Donna Leon’s Transient Desires is as powerful as any novel she has written, testing Brunetti to his limits and forcing him to listen very carefully for the truth.
Leon’s Commissario Brunetti series is an easy one to jump in and out of. Each book stands alone well. Yes, reading them in order would probably give you a fuller picture of how the characters change, or don’t change, over time, and let you meet new characters when they’re introduced. I don’t feel like I’ve missed much by skipping around.
As always, Transient Desires take place in Venice. The city is almost a character in and of itself. The city is full of both beautiful, old architecture and dark, dangerous alleys. It relies on tourism, but Venetians are contemptuous of the tourists. The picture of Venice is very vivid, which is a part of this series that I always enjoy.

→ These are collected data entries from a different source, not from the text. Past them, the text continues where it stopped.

Lemma invariant_arrive_light L : light s L -> x <= alpha -> packing_invariant (add_item s L x).
Proof.
move=> light_L le_x.
have /andP[_ lt_L] := light_L.
apply: (@invariant_add_item _ _ _ (mature s) (fresh_bin s) (filling_bin s)) => //.
- by case/andP: light_L => /(nonempty_lt_fresh s_inv).
- by have := alpha_lt_half; lra.
- by move=> c /(mature_credit s_inv) /le_trans; apply; rewrite lerDl; case: ifP.
- by move=> c1 c2 /light_add_small -> // /light_add_small ->.
- by move=> c _ -> ->.
- by move=> not_m; rewrite (light_filling s_inv light_L not_m) eqxx.
Qed.

Hypothesis no_light : forall b, ~~ light s b.

Lemma invariant_arrive_filling :
  nonempty s (filling_bin s) -> load s (filling_bin s) + x <= 1 ->
  packing_invariant (add_item s (filling_bin s) x).
Proof.
move=> ne_fb load_fb.
apply: (@invariant_add_item _ _ _ (mature s) (fresh_bin s) (filling_bin s)) => //.
- exact: nonempty_lt_fresh s_inv _ ne_fb.
- by move=> c /(mature_credit s_inv) /le_trans; apply; rewrite lerDl; case: ifP.
- move=> c1 c2; rewrite !light_add_item // !(negbTE (no_light _)).
  by case: eqP => // ->; case: eqP.
- by move=> c _ -> ->.
- by rewrite eqxx.
Qed.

This time, the mystery starts with two young American women left severely injured outside a hospital. Finding out who the men were that dropped them off is easy enough, but leads to a much bigger situation, one that requires cooperation among law enforcement agencies. There is often social commentary and contemporary issues in the Brunetti books, and this one is no exception, Brunetti is not solving puzzles in a bubble, the politics, social structures, prejudices, and other crimes all affect his investigations.
My one complaint is that the book ended rather abruptly. I could do with a little more wrapping up. Other than that, it was an enjoyable book. The plot kept moving, the characters feel real, and visiting Venice is always a treat.